#### Activity:
Output only the lines below that start at the line containing "[Rintegral_cst], so the" and end at the line containing "by rewrite RintegralB", with both ends kept.

[Dataset entries]
Content starts

Lemma normc_int_expi_sub_taylor2 :
  `|int_expi mu f - (1 - Rintegral mu setT (fun x => `|f x| ^+ 2) / 2)%:C|
    <= (Rintegral mu setT (fun x => `|f x| ^+ 3) / 6)%:C.
Proof.
pose a x := cos (f x) - 1 + 2^-1 * `|f x| ^+ 2.
pose b x := sin (f x) - f x.
have a_int : mu.-integrable setT (EFin \o a).
  apply: integrableD_real; last exact: integrableZl_real.
  exact: integrableB_real cos_int (integrable_cst 1).
have b_int : mu.-integrable setT (EFin \o b) by exact: integrableB_real.
have int_a : Rintegral mu setT a = Rintegral mu setT (fun x => cos (f x)) - 1
    + 2^-1 * Rintegral mu setT (fun x => `|f x| ^+ 2).
  rewrite RintegralD //; last exact: integrableZl_real.
    rewrite (RintegralZl (mu := mu)) // RintegralB //; last exact: integrable_cst.
    congr (_ - _ + _).
    (* The constant 1 of [a] carries another ring instance than the one of
       [Rintegral_cst], so the latter is applied, not rewritten with. *)
    apply: etrans (@Rintegral_cst _ _ _ mu _ measurableT 1) _.
    by rewrite mul1r (congr1 fine mu_setT).
  exact: integrableB_real cos_int (integrable_cst 1).
have int_b : Rintegral mu setT b = Rintegral mu setT (fun x => sin (f x)).
  by rewrite RintegralB // [Rintegral _ _ f]/Rintegral f_mean0 subr0.
have -> : int_expi mu f - (1 - Rintegral mu setT (fun x => `|f x| ^+ 2) / 2)%:C
    = Rintegral mu setT a +i* Rintegral mu setT b.
  by rewrite int_a int_b /int_expi /=; congr (_ +i* _); ring.
apply: normc_le_dual => c s cs_le1.
rewrite -!RintegralZl // -RintegralD //; [|exact: integrableZl_real..].
rewrite mulrC -RintegralZl //.
apply: le_Rintegral => //.
- by apply: integrableD_real; exact: integrableZl_real.
- exact: integrableZl_real.
- move=> x _; have := cos_sin_taylor_le_norm (f x) cs_le1.
  by rewrite /a /b real_normK ?num_real //; lra.
Qed.
End characteristic_function.
End finite_measure_bounds.

Lemma LpnormR_expr (R : realType) (d : measure_display) (X : measurableType d)
    (mu : {measure set X -> \bar R}) (f : X -> R) k : (0 < k)%N ->
  LpnormR mu k%:R f ^+ k = Rintegral mu setT (fun x => `|f x| ^+ k).
Proof.
move=> k_gt0; rewrite /LpnormR -powR_mulrn; last exact/fine_ge0/Lnorm_ge0.
rewrite -fine_poweR poweR_Lnorm ?pnatr_eq0 -?lt0n //.
by congr fine; apply: eq_integral => x _ /=; rewrite powR_mulrn.
Qed.

Theorem lemma4p4 (R : realType) (d : measure_display) (X : measurableType d)
  (P : probability X R) (f : X -> R)
  (f_int : P.-integrable setT (EFin \o f))
  (f_mean0 : (\int[P]_x (f x)%:E = 0)%E)
  (f_expint : forall alpha : R, 0 < alpha ->
     (\int[P]_x (expR (- (alpha * f x)))%:E < +oo)%E) :
  (forall n : nat, (1 <= n)%N ->
    (\int[P]_x ((expR (- f x) - 1) ^+ (2 * n))%:E
      <= (2 ^+ (2 * n - 2))%:E
         * \int[P]_x (expR (- ((2 * n)%:R * f x)) - 1)%:E)%E)
  /\
  (P.-integrable setT (fun x => (`|f x| ^+ 4)%:E) ->
    `| int_expi P f - (expR (- (LpnormR P 2 f ^+ 2 / 2)))%:C |
      <= ((LpnormR P 3 f ^+ 3 / 6 + LpnormR P 2 f ^+ 4 / 8)%:C : R[i])).
Proof.
split=> [n n_gt0|f4_int].
  have k_gt0 : 0 < (2 * n)%:R :> R by rewrite ltr0n muln_gt0.
  have le_int :=
    integral_expRN_subr1_exprM2_le n_gt0 f_int f_mean0 (f_expint _ k_gt0).
  have rhs_ge0 : (0 <= \int[P]_x (expR (- ((2 * n)%:R * f x)) - 1)%:E)%E.
    apply: le_trans le_int; apply: integral_ge0 => x _.
    by rewrite lee_fin mulnC exprM sqr_ge0.
  by apply: le_trans le_int _; rewrite lee_pemull // lee_fin exprn_ege1 // ler1n.
have -> : LpnormR P 2 f ^+ 4 = (LpnormR P 2 f ^+ 2) ^+ 2 by rewrite -exprM.
rewrite !LpnormR_expr //.
set S := Rintegral P setT _; set L := Rintegral P setT _.
have S_ge0 : 0 <= S by apply: Rintegral_ge0 => x _; exact: exprn_ge0.
have -> : int_expi P f - (expR (- (S / 2)))%:C
    = (int_expi P f - (1 - S / 2)%:C) + (1 - S / 2 - expR (- (S / 2)))%:C.
  by rewrite !raddfB /=; ring.
apply: le_trans (ler_normD _ _) _; rewrite [leRHS]raddfD; apply: lerD.
  exact: normc_int_expi_sub_taylor2 (probability_setT P) f_int f_mean0 f4_int.
rewrite normc_def lecR /= expr0n addr0 sqrtr_sqr distrC.
have -> : S ^+ 2 / 8 = (S / 2) ^+ 2 / 2 by field.
by apply: normr_expRN_taylor1; rewrite divr_ge0.
Qed.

Content ends

#### Task response:
       [Rintegral_cst], so the latter is applied, not rewritten with. *)
    apply: etrans (@Rintegral_cst _ _ _ mu _ measurableT 1) _.
    by rewrite mul1r (congr1 fine mu_setT).
  exact: integrableB_real cos_int (integrable_cst 1).
have int_b : Rintegral mu setT b = Rintegral mu setT (fun x => sin (f x)).
  by rewrite RintegralB // [Rintegral _ _ f]/Rintegral f_mean0 subr0.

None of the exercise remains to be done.